Task: Which lines in the records below contain the word "prednK"? Copy each of them.

────────────────

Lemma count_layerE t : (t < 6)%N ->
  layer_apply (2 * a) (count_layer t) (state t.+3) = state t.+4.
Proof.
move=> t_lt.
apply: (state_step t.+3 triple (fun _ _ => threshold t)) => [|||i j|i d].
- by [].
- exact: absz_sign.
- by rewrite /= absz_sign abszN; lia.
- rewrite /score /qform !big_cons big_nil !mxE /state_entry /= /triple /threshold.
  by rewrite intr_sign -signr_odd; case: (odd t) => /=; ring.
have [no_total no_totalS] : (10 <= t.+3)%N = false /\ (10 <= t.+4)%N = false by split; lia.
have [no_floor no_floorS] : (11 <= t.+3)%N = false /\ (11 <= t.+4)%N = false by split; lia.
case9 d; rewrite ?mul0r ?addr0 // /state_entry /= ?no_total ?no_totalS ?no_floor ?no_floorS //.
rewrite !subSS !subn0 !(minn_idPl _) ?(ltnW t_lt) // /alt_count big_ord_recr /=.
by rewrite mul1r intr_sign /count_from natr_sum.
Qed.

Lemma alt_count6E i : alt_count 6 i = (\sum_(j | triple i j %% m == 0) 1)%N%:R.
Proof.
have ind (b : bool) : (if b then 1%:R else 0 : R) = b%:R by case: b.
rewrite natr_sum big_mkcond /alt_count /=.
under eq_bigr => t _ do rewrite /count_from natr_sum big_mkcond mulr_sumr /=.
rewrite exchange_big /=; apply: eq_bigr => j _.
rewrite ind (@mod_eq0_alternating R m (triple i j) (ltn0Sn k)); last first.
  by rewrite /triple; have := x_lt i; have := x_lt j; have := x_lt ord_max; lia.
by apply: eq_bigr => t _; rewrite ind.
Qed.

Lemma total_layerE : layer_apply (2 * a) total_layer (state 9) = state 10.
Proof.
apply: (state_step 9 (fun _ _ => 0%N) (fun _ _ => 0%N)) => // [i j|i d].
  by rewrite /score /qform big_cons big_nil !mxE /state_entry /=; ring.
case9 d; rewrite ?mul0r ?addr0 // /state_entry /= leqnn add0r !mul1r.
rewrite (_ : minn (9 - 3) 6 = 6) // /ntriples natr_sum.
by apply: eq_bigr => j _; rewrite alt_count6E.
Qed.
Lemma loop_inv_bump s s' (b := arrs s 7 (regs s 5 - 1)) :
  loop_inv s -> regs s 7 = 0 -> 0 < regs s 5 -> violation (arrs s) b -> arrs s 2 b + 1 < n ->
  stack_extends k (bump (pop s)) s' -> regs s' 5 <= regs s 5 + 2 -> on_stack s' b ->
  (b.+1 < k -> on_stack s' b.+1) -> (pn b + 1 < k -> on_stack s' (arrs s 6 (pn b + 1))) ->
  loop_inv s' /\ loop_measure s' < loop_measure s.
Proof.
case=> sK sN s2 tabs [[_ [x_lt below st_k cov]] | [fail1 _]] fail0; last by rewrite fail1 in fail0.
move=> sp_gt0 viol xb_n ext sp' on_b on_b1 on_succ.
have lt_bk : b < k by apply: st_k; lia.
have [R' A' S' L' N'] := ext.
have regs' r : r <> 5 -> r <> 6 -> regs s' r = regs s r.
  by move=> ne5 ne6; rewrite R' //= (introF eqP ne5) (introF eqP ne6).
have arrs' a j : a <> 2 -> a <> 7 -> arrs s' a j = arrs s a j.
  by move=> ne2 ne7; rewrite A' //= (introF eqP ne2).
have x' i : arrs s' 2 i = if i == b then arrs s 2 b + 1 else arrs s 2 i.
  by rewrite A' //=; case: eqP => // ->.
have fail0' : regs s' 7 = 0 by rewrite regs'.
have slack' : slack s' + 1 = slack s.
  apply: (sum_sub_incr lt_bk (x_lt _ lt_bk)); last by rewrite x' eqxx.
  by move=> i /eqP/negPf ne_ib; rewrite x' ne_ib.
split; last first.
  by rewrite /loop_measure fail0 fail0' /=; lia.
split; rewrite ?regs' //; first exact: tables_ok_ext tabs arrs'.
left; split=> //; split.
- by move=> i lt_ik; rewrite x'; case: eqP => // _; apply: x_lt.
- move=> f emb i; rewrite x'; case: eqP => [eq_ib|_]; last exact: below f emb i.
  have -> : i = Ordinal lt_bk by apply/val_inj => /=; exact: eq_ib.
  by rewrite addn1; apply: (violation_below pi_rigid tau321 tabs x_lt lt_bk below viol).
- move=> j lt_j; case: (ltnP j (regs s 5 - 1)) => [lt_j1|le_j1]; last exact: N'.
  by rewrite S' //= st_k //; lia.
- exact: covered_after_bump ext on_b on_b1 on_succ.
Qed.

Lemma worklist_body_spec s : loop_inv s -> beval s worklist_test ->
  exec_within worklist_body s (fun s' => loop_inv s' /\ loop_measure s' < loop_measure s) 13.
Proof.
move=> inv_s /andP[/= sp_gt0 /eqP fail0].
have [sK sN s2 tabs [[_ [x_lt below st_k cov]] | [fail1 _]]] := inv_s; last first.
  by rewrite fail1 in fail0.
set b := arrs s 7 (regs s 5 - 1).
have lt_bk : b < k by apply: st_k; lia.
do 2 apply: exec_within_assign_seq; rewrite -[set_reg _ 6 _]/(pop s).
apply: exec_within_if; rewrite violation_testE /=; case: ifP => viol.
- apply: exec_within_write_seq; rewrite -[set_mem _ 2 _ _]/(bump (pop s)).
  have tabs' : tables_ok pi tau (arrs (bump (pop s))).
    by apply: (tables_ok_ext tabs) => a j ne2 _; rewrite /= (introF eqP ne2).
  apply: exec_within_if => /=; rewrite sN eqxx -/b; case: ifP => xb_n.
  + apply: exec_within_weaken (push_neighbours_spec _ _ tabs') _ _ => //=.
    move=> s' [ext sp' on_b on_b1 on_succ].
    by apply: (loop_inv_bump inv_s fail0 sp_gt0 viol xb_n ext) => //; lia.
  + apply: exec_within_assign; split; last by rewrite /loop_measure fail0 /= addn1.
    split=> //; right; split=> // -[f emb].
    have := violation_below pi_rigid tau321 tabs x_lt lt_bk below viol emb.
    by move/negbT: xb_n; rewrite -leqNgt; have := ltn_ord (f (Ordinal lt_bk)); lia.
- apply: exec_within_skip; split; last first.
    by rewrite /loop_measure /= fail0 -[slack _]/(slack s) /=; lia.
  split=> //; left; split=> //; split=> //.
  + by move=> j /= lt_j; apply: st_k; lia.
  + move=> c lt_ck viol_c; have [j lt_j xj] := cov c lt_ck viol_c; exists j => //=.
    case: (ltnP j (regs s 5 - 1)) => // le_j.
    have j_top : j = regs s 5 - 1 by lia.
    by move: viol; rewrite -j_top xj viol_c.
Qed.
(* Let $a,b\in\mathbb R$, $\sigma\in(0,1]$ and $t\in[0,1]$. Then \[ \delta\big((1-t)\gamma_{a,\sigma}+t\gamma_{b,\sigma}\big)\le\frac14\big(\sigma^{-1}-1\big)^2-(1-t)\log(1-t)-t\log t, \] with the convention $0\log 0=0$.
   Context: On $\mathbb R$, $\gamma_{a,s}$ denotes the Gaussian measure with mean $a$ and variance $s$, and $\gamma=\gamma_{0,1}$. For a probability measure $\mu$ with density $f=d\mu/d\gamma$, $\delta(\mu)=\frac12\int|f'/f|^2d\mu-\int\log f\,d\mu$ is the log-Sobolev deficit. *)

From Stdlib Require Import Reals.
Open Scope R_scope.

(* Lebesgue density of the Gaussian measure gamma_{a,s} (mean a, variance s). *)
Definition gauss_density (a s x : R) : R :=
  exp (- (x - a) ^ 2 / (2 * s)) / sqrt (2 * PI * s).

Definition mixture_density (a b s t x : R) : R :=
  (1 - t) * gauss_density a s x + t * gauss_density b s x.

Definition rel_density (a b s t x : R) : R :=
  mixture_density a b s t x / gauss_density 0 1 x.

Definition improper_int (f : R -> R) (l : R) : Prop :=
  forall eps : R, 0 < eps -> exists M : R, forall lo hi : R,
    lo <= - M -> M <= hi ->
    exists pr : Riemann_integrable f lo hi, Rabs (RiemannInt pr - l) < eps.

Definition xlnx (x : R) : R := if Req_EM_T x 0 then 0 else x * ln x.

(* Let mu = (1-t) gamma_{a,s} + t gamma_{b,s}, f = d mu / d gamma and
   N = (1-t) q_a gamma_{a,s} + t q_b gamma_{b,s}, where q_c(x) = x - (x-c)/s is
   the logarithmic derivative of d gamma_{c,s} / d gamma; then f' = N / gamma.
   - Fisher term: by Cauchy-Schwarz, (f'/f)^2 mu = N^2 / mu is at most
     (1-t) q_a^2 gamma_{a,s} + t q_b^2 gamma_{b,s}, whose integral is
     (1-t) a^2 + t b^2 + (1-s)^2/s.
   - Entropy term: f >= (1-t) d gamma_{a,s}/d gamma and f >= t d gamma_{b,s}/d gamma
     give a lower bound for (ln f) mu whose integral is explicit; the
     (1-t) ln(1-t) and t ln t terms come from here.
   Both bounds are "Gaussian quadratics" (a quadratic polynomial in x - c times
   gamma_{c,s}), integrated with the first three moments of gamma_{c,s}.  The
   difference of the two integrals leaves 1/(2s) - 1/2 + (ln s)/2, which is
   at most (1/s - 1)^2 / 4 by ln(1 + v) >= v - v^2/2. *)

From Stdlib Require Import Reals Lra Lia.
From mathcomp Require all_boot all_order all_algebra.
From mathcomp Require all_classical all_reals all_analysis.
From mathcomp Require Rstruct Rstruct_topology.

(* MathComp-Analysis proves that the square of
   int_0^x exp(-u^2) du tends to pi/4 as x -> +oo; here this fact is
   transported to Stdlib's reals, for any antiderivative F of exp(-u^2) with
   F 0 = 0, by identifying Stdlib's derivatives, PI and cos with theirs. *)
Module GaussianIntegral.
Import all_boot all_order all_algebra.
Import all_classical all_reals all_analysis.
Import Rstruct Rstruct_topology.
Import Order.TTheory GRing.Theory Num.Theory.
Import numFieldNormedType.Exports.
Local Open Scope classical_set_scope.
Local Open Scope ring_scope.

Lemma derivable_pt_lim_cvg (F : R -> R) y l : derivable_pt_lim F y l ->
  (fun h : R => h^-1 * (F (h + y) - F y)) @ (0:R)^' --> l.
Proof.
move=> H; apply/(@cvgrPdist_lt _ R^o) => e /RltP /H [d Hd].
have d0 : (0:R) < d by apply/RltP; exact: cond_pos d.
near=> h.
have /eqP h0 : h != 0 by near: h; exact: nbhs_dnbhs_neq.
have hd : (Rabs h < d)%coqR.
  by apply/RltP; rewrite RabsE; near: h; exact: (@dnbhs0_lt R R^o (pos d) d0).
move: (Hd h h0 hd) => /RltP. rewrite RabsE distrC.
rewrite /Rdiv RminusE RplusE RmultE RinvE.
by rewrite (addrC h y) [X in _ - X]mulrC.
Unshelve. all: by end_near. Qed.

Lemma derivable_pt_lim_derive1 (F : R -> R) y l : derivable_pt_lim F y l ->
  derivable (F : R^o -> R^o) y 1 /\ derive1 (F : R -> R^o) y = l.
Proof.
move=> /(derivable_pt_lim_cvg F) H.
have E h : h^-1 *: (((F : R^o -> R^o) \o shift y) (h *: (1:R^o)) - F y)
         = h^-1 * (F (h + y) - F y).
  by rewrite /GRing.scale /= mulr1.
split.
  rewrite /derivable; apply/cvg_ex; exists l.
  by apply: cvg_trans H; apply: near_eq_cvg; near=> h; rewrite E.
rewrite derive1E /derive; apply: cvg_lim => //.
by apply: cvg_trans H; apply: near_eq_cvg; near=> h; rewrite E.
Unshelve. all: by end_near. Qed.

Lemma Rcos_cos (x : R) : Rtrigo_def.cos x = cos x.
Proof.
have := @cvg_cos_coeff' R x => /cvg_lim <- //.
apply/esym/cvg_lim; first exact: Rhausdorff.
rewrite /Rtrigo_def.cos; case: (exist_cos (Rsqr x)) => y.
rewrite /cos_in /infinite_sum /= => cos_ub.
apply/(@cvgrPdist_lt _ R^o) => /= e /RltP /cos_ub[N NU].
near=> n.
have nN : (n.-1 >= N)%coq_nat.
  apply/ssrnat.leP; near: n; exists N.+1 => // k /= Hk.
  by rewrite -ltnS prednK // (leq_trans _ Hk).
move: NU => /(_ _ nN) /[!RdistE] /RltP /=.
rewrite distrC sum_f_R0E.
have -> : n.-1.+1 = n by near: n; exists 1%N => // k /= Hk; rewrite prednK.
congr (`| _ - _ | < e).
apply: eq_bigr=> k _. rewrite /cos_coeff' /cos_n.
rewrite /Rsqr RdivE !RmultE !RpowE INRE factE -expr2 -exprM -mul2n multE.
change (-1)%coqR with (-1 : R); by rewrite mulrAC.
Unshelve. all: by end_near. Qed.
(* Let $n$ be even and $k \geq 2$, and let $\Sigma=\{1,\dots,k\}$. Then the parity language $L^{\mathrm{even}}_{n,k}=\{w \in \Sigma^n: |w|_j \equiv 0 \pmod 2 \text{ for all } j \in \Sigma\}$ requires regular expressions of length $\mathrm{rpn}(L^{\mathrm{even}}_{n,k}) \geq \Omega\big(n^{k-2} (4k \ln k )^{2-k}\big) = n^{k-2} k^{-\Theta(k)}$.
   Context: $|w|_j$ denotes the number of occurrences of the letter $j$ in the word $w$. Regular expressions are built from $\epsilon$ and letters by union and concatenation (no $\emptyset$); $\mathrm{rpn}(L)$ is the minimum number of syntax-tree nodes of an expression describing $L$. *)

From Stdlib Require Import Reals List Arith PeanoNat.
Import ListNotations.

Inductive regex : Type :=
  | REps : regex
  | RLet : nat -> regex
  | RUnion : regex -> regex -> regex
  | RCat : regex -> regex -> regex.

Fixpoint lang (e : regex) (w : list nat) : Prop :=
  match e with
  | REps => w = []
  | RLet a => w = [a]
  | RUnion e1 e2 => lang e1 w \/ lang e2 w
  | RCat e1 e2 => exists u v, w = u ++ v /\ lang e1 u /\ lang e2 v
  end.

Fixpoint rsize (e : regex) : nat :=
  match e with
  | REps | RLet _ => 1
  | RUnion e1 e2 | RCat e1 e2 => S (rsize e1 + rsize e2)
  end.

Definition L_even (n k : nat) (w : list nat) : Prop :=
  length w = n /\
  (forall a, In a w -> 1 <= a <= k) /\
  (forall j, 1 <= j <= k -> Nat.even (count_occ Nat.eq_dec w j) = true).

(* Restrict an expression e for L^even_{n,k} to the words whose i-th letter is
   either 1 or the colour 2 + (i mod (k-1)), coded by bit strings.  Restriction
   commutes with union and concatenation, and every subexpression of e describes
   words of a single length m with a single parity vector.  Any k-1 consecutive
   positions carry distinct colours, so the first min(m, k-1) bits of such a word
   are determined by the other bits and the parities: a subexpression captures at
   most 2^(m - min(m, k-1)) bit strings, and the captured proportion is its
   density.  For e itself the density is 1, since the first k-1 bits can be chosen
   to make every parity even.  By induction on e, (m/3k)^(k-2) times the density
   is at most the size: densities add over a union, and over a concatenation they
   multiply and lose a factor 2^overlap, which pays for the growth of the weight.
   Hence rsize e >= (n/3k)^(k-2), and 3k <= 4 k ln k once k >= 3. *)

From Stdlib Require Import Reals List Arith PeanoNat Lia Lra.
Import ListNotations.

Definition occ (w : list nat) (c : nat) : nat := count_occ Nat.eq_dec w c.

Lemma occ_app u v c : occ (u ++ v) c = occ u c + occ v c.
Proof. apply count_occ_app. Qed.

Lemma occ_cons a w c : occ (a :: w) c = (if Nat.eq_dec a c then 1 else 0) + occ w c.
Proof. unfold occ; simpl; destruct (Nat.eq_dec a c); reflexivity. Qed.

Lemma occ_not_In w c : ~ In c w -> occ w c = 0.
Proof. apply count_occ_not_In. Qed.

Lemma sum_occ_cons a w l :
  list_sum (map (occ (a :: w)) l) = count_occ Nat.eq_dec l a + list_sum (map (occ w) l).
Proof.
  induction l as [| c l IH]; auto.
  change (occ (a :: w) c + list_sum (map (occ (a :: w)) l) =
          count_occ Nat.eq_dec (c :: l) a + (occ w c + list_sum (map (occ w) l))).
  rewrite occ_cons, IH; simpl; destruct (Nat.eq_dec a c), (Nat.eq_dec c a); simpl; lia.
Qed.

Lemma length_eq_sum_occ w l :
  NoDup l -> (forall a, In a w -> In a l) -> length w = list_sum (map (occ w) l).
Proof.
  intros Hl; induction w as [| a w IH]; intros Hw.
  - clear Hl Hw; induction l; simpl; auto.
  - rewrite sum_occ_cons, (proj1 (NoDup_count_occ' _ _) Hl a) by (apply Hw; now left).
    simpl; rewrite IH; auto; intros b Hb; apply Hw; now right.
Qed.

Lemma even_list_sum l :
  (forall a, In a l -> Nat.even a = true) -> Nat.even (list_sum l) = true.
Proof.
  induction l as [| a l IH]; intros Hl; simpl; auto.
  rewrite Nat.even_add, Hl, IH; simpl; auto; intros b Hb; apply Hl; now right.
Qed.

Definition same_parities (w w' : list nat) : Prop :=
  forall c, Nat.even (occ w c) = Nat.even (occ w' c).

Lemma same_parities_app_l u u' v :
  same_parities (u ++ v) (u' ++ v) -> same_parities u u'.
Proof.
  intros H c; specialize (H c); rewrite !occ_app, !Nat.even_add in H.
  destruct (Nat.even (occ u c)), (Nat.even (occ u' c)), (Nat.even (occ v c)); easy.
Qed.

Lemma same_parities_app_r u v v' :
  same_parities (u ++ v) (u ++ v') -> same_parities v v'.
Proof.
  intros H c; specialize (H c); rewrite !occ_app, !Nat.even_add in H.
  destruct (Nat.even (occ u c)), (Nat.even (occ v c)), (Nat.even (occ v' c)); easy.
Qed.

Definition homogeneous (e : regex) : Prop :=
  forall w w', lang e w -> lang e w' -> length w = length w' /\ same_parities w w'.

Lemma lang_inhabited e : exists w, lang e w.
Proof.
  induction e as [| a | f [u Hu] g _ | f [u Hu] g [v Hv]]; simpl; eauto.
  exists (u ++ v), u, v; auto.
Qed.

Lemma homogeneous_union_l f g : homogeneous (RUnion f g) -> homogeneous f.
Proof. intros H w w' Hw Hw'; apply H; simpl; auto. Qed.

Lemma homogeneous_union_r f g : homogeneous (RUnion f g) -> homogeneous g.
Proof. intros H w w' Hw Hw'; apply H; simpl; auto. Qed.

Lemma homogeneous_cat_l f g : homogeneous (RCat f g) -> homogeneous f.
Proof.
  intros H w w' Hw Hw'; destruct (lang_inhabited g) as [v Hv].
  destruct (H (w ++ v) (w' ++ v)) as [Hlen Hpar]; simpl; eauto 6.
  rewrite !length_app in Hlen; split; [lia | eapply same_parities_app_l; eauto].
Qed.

────────────────

Final answer:
  by rewrite -ltnS prednK // (leq_trans _ Hk).
have -> : n.-1.+1 = n by near: n; exists 1%N => // k /= Hk; rewrite prednK.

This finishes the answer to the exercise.